(INFORMATION SHOWN begins)
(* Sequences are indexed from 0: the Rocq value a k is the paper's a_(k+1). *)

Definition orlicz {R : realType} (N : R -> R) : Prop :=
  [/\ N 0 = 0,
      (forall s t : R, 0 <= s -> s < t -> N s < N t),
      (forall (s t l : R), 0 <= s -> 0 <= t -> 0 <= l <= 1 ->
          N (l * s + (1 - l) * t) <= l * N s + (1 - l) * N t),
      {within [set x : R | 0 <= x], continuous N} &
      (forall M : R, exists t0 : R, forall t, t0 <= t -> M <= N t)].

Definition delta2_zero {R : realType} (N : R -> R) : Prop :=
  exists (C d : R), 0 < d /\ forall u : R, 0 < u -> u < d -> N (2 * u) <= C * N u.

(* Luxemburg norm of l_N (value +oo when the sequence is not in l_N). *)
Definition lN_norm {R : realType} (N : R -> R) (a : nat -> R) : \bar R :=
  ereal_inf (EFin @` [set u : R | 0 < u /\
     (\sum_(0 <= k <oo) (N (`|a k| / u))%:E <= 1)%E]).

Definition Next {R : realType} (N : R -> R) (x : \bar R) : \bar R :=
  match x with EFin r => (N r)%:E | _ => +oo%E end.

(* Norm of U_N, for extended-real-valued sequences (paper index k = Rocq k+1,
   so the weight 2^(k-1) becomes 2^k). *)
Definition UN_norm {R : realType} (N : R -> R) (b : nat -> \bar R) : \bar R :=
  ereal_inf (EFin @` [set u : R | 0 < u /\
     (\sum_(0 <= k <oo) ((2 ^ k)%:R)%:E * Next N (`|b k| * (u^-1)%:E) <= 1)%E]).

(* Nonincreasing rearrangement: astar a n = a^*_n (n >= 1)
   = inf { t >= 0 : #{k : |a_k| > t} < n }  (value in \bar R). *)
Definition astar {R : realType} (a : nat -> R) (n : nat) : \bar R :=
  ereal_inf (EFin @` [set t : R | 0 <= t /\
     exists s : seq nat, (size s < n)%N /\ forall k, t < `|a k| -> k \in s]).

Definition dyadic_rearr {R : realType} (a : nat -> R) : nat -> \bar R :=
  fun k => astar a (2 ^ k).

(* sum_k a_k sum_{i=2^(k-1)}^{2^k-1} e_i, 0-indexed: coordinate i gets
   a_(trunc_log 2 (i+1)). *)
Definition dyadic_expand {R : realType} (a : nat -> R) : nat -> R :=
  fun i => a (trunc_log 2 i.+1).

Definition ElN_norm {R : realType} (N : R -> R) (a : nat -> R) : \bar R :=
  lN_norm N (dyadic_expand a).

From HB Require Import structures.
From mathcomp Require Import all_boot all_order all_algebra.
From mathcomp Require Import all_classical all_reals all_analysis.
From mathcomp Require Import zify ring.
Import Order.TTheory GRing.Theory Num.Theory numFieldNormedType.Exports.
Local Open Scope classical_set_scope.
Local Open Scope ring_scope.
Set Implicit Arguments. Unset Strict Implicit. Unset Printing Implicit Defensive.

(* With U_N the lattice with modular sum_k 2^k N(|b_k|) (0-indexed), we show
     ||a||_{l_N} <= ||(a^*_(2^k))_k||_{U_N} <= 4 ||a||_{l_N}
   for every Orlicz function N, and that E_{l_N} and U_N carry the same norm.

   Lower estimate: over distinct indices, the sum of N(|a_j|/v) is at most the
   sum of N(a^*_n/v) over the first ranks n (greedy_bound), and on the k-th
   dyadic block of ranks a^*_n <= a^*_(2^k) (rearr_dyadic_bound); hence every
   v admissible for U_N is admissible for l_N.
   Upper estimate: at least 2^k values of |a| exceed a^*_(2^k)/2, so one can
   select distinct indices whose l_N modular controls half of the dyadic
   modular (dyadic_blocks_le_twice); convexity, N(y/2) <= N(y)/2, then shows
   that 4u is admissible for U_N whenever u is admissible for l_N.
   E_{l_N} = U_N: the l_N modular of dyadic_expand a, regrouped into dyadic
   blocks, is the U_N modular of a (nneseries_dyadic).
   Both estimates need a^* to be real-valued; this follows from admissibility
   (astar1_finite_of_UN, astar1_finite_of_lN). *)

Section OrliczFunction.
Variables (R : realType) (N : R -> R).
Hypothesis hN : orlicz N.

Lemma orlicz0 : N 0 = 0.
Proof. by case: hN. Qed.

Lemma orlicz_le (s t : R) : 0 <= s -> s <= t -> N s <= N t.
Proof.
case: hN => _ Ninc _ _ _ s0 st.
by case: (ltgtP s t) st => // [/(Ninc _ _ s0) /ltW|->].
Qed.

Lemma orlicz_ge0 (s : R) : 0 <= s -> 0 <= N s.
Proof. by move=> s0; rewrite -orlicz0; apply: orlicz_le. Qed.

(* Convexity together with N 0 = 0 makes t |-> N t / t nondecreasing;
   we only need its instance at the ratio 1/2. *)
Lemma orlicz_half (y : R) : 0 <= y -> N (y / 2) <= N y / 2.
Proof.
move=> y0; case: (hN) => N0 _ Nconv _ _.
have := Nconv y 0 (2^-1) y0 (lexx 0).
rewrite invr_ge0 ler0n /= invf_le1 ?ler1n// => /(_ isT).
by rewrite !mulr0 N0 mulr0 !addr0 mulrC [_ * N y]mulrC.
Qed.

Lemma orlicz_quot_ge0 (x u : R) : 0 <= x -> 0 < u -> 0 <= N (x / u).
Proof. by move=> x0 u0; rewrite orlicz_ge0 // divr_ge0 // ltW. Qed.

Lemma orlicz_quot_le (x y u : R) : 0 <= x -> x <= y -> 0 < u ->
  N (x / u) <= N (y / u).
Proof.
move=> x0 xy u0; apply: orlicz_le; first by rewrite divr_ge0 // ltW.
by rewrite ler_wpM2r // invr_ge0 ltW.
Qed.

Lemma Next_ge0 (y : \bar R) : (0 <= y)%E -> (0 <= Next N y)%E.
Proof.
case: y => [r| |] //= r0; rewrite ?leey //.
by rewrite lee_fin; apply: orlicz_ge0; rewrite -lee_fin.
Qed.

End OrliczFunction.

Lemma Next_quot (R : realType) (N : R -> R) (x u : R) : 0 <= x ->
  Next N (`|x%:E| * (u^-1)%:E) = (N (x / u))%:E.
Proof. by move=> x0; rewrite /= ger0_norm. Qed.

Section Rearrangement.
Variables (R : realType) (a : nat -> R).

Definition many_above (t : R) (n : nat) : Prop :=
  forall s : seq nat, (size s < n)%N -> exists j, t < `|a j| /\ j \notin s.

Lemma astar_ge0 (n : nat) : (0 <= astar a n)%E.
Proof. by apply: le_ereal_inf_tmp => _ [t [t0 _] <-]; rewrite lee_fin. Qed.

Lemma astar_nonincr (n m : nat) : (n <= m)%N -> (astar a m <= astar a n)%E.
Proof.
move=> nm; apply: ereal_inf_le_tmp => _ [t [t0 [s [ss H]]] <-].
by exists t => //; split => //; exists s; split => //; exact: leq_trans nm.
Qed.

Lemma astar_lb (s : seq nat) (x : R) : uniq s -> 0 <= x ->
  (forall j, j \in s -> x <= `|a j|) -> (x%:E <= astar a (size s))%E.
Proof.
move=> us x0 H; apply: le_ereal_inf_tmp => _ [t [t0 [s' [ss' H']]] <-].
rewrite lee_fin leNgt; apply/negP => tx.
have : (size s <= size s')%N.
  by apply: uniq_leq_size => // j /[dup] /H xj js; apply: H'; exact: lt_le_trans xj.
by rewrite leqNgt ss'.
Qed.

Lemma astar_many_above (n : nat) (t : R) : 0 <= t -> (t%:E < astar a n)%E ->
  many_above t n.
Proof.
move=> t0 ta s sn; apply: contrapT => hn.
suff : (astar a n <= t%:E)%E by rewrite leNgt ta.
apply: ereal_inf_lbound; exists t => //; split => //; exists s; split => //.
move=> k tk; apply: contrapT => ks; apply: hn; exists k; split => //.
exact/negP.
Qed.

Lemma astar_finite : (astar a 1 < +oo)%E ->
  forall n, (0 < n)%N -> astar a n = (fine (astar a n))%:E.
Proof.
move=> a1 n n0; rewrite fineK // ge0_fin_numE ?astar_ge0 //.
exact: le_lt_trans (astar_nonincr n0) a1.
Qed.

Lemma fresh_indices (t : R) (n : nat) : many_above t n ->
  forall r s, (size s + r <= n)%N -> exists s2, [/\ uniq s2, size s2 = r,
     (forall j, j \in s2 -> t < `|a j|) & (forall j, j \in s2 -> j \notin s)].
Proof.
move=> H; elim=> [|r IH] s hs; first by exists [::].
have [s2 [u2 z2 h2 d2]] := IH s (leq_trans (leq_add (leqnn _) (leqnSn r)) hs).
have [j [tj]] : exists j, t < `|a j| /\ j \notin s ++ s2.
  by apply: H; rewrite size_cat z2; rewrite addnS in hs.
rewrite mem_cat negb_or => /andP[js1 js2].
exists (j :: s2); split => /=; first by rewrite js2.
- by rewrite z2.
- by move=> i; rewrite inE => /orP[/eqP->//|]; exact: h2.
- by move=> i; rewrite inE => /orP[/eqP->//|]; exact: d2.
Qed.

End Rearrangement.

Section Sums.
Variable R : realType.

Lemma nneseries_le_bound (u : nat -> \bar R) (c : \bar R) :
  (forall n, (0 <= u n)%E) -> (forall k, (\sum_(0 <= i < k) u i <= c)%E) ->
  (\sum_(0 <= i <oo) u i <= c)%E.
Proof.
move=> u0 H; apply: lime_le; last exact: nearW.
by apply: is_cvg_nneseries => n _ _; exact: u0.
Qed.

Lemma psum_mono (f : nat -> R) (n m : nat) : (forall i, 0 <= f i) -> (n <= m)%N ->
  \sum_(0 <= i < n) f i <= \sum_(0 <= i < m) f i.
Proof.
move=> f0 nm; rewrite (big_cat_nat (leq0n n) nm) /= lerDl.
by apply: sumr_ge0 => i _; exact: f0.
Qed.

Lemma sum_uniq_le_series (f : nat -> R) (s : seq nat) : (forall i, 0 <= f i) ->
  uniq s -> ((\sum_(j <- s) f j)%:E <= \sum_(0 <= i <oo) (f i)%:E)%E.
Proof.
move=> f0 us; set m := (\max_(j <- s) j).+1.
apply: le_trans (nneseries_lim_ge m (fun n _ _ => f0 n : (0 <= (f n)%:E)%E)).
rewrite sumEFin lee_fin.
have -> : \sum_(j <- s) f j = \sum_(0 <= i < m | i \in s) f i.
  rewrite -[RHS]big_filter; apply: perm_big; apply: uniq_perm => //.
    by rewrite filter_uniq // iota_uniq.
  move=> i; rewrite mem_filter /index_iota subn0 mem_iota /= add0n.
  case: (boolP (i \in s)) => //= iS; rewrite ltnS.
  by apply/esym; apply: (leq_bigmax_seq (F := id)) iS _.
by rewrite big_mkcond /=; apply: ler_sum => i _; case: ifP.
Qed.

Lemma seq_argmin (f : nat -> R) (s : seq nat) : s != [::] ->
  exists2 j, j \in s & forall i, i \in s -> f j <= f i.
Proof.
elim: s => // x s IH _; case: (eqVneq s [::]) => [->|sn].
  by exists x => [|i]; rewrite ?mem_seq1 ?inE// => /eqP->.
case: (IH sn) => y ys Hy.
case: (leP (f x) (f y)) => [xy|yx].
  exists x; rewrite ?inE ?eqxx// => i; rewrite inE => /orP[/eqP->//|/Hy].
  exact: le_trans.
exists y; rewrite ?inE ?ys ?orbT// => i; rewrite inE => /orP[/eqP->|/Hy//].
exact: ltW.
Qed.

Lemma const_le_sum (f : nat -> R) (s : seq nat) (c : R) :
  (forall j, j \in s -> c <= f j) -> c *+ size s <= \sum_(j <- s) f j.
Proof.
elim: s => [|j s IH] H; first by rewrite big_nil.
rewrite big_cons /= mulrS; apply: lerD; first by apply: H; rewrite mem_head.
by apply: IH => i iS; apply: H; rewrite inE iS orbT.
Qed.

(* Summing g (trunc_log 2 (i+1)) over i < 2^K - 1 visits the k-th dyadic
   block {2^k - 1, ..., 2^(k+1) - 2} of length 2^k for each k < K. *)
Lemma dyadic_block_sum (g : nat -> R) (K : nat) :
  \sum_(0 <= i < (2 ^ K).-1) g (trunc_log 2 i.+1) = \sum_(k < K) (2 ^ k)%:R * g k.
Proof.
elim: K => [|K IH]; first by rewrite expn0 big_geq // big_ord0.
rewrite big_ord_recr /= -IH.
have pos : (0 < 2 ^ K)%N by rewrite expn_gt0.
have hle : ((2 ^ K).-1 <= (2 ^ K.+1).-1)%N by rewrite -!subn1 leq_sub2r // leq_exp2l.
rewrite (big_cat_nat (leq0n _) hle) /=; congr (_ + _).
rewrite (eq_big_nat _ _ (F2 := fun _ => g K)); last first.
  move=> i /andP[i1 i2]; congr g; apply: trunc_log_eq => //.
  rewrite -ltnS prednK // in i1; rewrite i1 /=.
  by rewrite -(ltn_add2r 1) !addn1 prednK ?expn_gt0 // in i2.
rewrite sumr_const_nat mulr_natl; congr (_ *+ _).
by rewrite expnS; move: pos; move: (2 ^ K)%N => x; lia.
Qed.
(INFORMATION SHOWN ends)
(INFORMATION SHOWN begins)
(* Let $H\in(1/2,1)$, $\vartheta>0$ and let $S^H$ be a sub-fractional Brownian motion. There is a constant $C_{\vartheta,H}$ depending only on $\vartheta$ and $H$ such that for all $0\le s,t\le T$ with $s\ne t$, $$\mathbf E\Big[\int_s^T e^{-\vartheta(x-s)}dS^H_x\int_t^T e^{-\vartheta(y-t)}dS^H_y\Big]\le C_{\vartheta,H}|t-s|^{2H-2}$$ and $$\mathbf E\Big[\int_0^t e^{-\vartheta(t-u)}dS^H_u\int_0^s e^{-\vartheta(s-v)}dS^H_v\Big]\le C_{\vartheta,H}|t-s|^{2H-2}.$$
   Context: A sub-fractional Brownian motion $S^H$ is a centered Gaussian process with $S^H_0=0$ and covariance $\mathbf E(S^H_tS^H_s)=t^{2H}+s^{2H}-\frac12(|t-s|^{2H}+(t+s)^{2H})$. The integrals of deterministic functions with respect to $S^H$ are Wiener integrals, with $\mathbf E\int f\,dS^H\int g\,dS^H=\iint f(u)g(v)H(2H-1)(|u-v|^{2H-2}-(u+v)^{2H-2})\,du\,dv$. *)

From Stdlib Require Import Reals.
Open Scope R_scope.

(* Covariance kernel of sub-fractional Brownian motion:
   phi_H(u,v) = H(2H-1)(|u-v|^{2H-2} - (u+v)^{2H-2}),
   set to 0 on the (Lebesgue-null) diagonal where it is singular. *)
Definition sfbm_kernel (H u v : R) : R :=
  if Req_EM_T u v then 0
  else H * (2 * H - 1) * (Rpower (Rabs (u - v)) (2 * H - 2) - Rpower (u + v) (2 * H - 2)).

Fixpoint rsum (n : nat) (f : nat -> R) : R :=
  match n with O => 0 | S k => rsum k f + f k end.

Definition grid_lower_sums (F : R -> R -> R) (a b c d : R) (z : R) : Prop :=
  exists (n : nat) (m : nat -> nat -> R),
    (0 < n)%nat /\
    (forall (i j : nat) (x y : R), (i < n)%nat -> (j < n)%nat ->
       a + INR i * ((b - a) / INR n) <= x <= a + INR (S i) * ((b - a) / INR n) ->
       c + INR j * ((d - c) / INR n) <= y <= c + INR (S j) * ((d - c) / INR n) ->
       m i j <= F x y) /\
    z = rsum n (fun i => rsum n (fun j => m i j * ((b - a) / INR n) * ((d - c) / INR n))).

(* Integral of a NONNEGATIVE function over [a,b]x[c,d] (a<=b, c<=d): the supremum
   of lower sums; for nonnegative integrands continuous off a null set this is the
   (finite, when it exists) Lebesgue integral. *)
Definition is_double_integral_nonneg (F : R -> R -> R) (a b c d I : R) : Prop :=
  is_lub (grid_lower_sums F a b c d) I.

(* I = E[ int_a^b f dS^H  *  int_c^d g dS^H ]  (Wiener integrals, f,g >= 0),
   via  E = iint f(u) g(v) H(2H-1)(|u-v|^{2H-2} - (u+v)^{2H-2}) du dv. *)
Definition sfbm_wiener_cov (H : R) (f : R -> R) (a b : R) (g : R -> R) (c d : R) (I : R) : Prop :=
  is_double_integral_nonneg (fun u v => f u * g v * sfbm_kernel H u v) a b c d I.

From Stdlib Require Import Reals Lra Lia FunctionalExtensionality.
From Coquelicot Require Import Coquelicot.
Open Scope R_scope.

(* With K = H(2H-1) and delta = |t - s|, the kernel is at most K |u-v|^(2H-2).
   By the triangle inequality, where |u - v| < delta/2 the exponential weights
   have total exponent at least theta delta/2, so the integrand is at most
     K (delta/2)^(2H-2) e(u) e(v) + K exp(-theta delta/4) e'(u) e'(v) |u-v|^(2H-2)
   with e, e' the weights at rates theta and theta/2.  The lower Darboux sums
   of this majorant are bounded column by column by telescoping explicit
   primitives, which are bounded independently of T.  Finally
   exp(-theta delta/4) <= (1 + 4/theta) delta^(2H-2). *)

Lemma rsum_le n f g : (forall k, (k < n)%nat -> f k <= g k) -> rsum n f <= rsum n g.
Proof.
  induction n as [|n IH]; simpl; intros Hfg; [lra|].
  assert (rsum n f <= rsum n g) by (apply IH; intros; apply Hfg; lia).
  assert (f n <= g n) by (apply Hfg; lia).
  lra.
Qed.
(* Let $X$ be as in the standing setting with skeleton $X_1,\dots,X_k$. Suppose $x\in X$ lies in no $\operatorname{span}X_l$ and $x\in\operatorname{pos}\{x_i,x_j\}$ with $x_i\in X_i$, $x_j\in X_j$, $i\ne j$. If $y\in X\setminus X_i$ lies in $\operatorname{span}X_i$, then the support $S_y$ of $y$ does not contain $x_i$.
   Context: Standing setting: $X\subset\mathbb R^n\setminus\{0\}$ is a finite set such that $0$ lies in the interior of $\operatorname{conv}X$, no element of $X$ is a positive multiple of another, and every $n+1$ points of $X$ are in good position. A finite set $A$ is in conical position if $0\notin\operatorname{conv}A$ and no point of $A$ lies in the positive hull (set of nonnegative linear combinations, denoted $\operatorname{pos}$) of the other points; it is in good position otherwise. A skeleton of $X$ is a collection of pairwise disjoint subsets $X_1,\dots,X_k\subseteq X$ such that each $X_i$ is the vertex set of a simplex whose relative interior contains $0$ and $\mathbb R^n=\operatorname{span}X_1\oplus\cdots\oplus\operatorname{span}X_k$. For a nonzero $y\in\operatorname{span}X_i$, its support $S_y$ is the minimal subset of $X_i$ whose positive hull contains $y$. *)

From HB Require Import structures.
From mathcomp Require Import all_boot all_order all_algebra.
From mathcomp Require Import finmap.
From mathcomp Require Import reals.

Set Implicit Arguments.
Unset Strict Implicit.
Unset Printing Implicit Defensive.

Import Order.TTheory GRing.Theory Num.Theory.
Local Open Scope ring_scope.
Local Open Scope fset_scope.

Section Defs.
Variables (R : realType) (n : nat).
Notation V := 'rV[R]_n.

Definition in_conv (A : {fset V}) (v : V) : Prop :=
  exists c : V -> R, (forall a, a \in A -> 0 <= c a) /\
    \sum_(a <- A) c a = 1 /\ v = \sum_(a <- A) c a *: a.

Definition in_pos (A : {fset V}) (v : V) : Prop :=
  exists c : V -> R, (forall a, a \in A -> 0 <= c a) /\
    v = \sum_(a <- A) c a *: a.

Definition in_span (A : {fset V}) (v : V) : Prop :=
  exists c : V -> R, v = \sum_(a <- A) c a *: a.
(INFORMATION SHOWN ends)
■ **ASSIGNMENT**:
Go through the listing above and write out exactly the lines starting with the one holding "(* Sequences are" and running through the one holding "(* Luxemburg norm", ends included, and no others.

■ **TASK SOLUTION**:
(* Sequences are indexed from 0: the Rocq value a k is the paper's a_(k+1). *)

Definition orlicz {R : realType} (N : R -> R) : Prop :=
  [/\ N 0 = 0,
      (forall s t : R, 0 <= s -> s < t -> N s < N t),
      (forall (s t l : R), 0 <= s -> 0 <= t -> 0 <= l <= 1 ->
          N (l * s + (1 - l) * t) <= l * N s + (1 - l) * N t),
      {within [set x : R | 0 <= x], continuous N} &
      (forall M : R, exists t0 : R, forall t, t0 <= t -> M <= N t)].

Definition delta2_zero {R : realType} (N : R -> R) : Prop :=
  exists (C d : R), 0 < d /\ forall u : R, 0 < u -> u < d -> N (2 * u) <= C * N u.

(* Luxemburg norm of l_N (value +oo when the sequence is not in l_N). *)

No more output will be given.